(* Let $k \ge 2$ and $n \ge 1$ be natural numbers, and let $h_k(x) = x + \left\lfloor \frac{x}{k-1} \right\rfloor + 1$ for non-negative integers $x$, with $h_k^p$ denoting the $p$-th functional iterate of $h_k$ (so $h_k^0(0)=0$). Then there exists $p \in \mathbb{N}$ with $h_k^{p-1}(0) < n(k-1) \le h_k^{p}(0)$, and for this $p$ the last number remaining in the Josephus problem with the numbers $1,2,\dots,n$ in which every $k$-th number is removed is $nk - h_k^{p}(0)$.
   Context: Josephus problem: the numbers $1,2,\dots,n$ are arranged in a circle; starting the count at $1$ and proceeding around the circle, every $k$-th number still present is removed (after a removal, counting resumes with the next remaining number), until exactly one number remains. The claim asks to identify this remaining number. *)

From mathcomp Require Import all_boot.
Set Implicit Arguments. Unset Strict Implicit. Unset Printing Implicit Defensive.

Definition hk (k x : nat) : nat := x + x %/ (k - 1) + 1.

(* One step of the Josephus process on the current circle [s] (listed in
   circular order), where counting starts at position [i] of [s]:
   the k-th element counted, at position j = (i + k - 1) mod |s|, is removed,
   and counting resumes at the element following it, which in the new list
   sits at position j (or 0 if the removed element was the last one). *)
Fixpoint jos_run (fuel k : nat) (s : seq nat) (i : nat) : seq nat :=
  match fuel with
  | 0 => s
  | f.+1 =>
      if size s <= 1 then s
      else let j := (i + k.-1) %% size s in
           jos_run f k (take j s ++ drop j.+1 s) (j %% (size s).-1)
  end.

(* The last number remaining when 1..n are placed in a circle, counting
   starts at 1 and every k-th remaining number is removed.
   n removal steps of fuel suffice (n-1 removals are needed). *)
Definition josephus (n k : nat) : nat :=
  head 0 (jos_run n k (iota 1 n) 0).

(* Write J(m) for the 0-based position of the survivor among m numbers when
   counting starts at position 0.  Removing the k-th number and restarting
   right after it reduces m numbers to m - 1 numbers rotated by k, whence the
   classical recurrence J(m+1) = (J(m) + k) mod (m+1).

   For the closed form, let x(n) be the first iterate of h_k from 0 that is
   at least n(k-1); the claim is x(n) = nk - 1 - J(n).  Passing from n to
   n+1, either x(n) already reaches (n+1)(k-1) and J(n+1) = J(n) + k, or the
   iterates keep running through the band [n(k-1), (n+1)(k-1)), on which h_k
   adds exactly n+1; they leave it below (n+1)k, having added a multiple of
   n+1, which is absorbed by the reduction mod n+1. *)

From mathcomp Require Import all_boot zify.

Set Implicit Arguments.
Unset Strict Implicit.
Unset Printing Implicit Defensive.

Fixpoint josephus_pos (k m : nat) : nat :=
  if m is m'.+1 then (josephus_pos k m' + k) %% m'.+1 else 0.

Lemma josephus_pos_lt k m : 0 < m -> josephus_pos k m < m.
Proof. by case: m => // m _; rewrite ltn_pmod. Qed.

Lemma nth_drop_at (T : Type) (x0 : T) (s : seq T) j a :
    j < size s -> a < (size s).-1 ->
  nth x0 (take j s ++ drop j.+1 s) ((j + a) %% (size s).-1)
  = nth x0 s ((j + a).+1 %% size s).
Proof.
move=> ltjs ltam; rewrite nth_cat size_take ltjs.
case: (ltnP (j + a) (size s).-1) => hja.
- rewrite modn_small // ltnNge leq_addr /= nth_drop modn_small; last by lia.
  by congr nth; lia.
- have -> : (j + a) %% (size s).-1 = j + a - (size s).-1.
    by rewrite -[in LHS](subnK hja) modnDr modn_small //; lia.
  have -> : (j + a).+1 %% size s = j + a - (size s).-1.
    have -> : (j + a).+1 = j + a - (size s).-1 + size s by lia.
    by rewrite modnDr modn_small //; lia.
  by rewrite ifT ?nth_take //; lia.
Qed.

Lemma jos_run_single k f (s : seq nat) i :
    0 < k -> 0 < size s <= f.+1 ->
  jos_run f k s i = [:: nth 0 s ((i + josephus_pos k (size s)) %% size s)].
Proof.
move=> k_gt0; elim: f s i => [|f IHf] s i /andP[s_gt0 s_le].
  by case: s s_gt0 s_le => [|x [|]] //= _ _; rewrite modn1.
rewrite /=; case: ifP => [s_le1|s_gt1].
  by case: s s_gt0 s_le1 {s_le} => [|x [|]] //= _ _; rewrite modn1.
set m := size s in s_gt1 *; set j := (i + k.-1) %% m.
have ltjm : j < m by rewrite ltn_pmod.
have size_rem : size (take j s ++ drop j.+1 s) = m.-1.
  by rewrite size_cat size_take size_drop ltjm; lia.
rewrite IHf size_rem; last by lia.
have [m' def_m] : exists m', m = m'.+2 by exists (m - 2); lia.
have a_lt : josephus_pos k m.-1 < m.-1 by rewrite josephus_pos_lt // def_m.
rewrite modnDml nth_drop_at //.
congr [:: nth _ _ _].
have -> : josephus_pos k m = (josephus_pos k m.-1 + k) %% m by rewrite def_m.
rewrite -/m modnDmr /j -addn1 -!addnA modnDml.
by congr (_ %% _); lia.
Qed.

Lemma josephus_E n k : 0 < k -> 0 < n -> josephus n k = (josephus_pos k n).+1.
Proof.
move=> k_gt0 n_gt0; rewrite /josephus jos_run_single ?size_iota ?n_gt0 //=.
by rewrite add0n modn_small ?josephus_pos_lt // nth_iota ?josephus_pos_lt.
Qed.

Definition first_reach (u : nat -> nat) (N p : nat) : Prop :=
  0 < p /\ u p.-1 < N <= u p.

Lemma first_reach_uniq u N p q :
  {homo u : i j / i <= j} -> first_reach u N p -> first_reach u N q -> p = q.
Proof.
move=> u_homo [p_gt0 /andP[lt_p le_p]] [q_gt0 /andP[lt_q le_q]].
case: (ltngtP p q) => // [ltpq|ltqp].
- by have := u_homo p q.-1 ltac:(lia); lia.
- by have := u_homo q p.-1 ltac:(lia); lia.
Qed.

Lemma iter_exit_band (f : nat -> nat) a b c y : 0 < c ->
    (forall z, a <= z < b -> f z = z + c) -> a <= y < b ->
  exists2 q, 0 < q &
    [/\ iter q.-1 f y < b <= iter q f y, iter q f y < b + c
      & iter q f y = y + q * c].
Proof.
move=> c_gt0 f_band; move: {2}(b - y) (leqnn (b - y)) => d.
elim: d y => [|d IHd] y le_d /andP[le_ay lt_yb]; first by lia.
have fyE : f y = y + c by rewrite f_band ?le_ay.
case: (leqP b (f y)) => [le_b_fy|lt_fy_b].
  by exists 1 => //=; split; lia.
have fy_band : a <= f y < b by apply/andP; lia.
have [q q_gt0 [/andP[lt_q le_q] lt_qc iter_qE]] := IHd (f y) ltac:(lia) fy_band.
exists q.+1 => //; rewrite succnK iterSr -[X in iter X f y](prednK q_gt0) iterSr.
by split; lia.
Qed.

Lemma hk_gt k x : x < hk k x.
Proof. by rewrite /hk addn1 ltnS leq_addr. Qed.

Lemma homo_iter_hk k : {homo (fun p => iter p (hk k) 0) : i j / i <= j}.
Proof.
by apply: homo_leq => [//|y x z|i]; [exact: leq_trans | exact: ltnW (hk_gt _ _)].
Qed.

Lemma iter_hk_small k i : i <= k - 1 -> iter i (hk k) 0 = i.
Proof.
elim: i => [//|i IHi] le_ik /=; rewrite IHi; last by lia.
by rewrite /hk divn_small; lia.
Qed.

Lemma hk_band k n y : n * (k - 1) <= y < n.+1 * (k - 1) -> hk k y = y + n.+1.
Proof.
move=> /andP[le_y lt_y]; rewrite /hk.
have -> : y = n * (k - 1) + (y - n * (k - 1)) by lia.
by rewrite divnMDl ?(divn_small (m := y - _)); lia.
Qed.

Lemma first_reach_hk_josephus_pos k n : 2 <= k -> 0 < n ->
  exists p, first_reach (fun p => iter p (hk k) 0) (n * (k - 1)) p
            /\ iter p (hk k) 0 + josephus_pos k n + 1 = n * k.
Proof.
move=> k_ge2; elim: n => [//|n IHn] _.
case: (posnP n) => [->|n_gt0].
  by exists (k - 1); rewrite /first_reach !iter_hk_small /= ?modn1; lia.
have [p [[p_gt0 /andP[lt_p le_p]] eq_p]] := IHn n_gt0.
have J_lt := josephus_pos_lt k n_gt0.
set x := iter p (hk k) 0 in le_p eq_p.
case: (leqP (n.+1 * (k - 1)) x) => [le_x|lt_x].
  exists p; split; first by split=> //; apply/andP; split; lia.
  by rewrite /= modn_small; lia.
have x_band : n * (k - 1) <= x < n.+1 * (k - 1) by apply/andP.
have [q q_gt0 [/andP[lt_q le_q] lt_qc iter_qE]] :=
  iter_exit_band (ltn0Sn n) (@hk_band k n) x_band.
have lastE : iter (q + p) (hk k) 0 = iter q (hk k) x by rewrite iterD.
have prevE : iter (q + p).-1 (hk k) 0 = iter q.-1 (hk k) x.
  by rewrite -[q in q + p](prednK q_gt0) addSn /= iterD.
exists (q + p); rewrite /first_reach lastE prevE lt_q le_q; split; first by lia.
set y := iter q (hk k) x in le_q lt_qc iter_qE *.
have -> : josephus_pos k n.+1 = (q * n.+1 + (n.+1 * k - y - 1)) %% n.+1.
  by rewrite /=; congr (_ %% _); lia.
by rewrite modnMDl modn_small; lia.
Qed.

Theorem theorem3 (k n : nat) (hk2 : 2 <= k) (hn : 1 <= n) :
  (exists p : nat,
      0 < p /\ iter p.-1 (hk k) 0 < n * (k - 1) <= iter p (hk k) 0) /\
  (forall p : nat,
      0 < p -> iter p.-1 (hk k) 0 < n * (k - 1) <= iter p (hk k) 0 ->
      josephus n k = n * k - iter p (hk k) 0).
Proof.
have [p [reach_p eq_p]] := first_reach_hk_josephus_pos hk2 hn.
split; first by exists p.
move=> q q_gt0 reach_q.
have -> : q = p := first_reach_uniq (@homo_iter_hk k) (conj q_gt0 reach_q) reach_p.
by rewrite josephus_E //; lia.
Qed.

* **Required action**
From the entries, copy out each line containing the word "Defensive".

* **Your solution**
Set Implicit Arguments. Unset Strict Implicit. Unset Printing Implicit Defensive.
Unset Printing Implicit Defensive.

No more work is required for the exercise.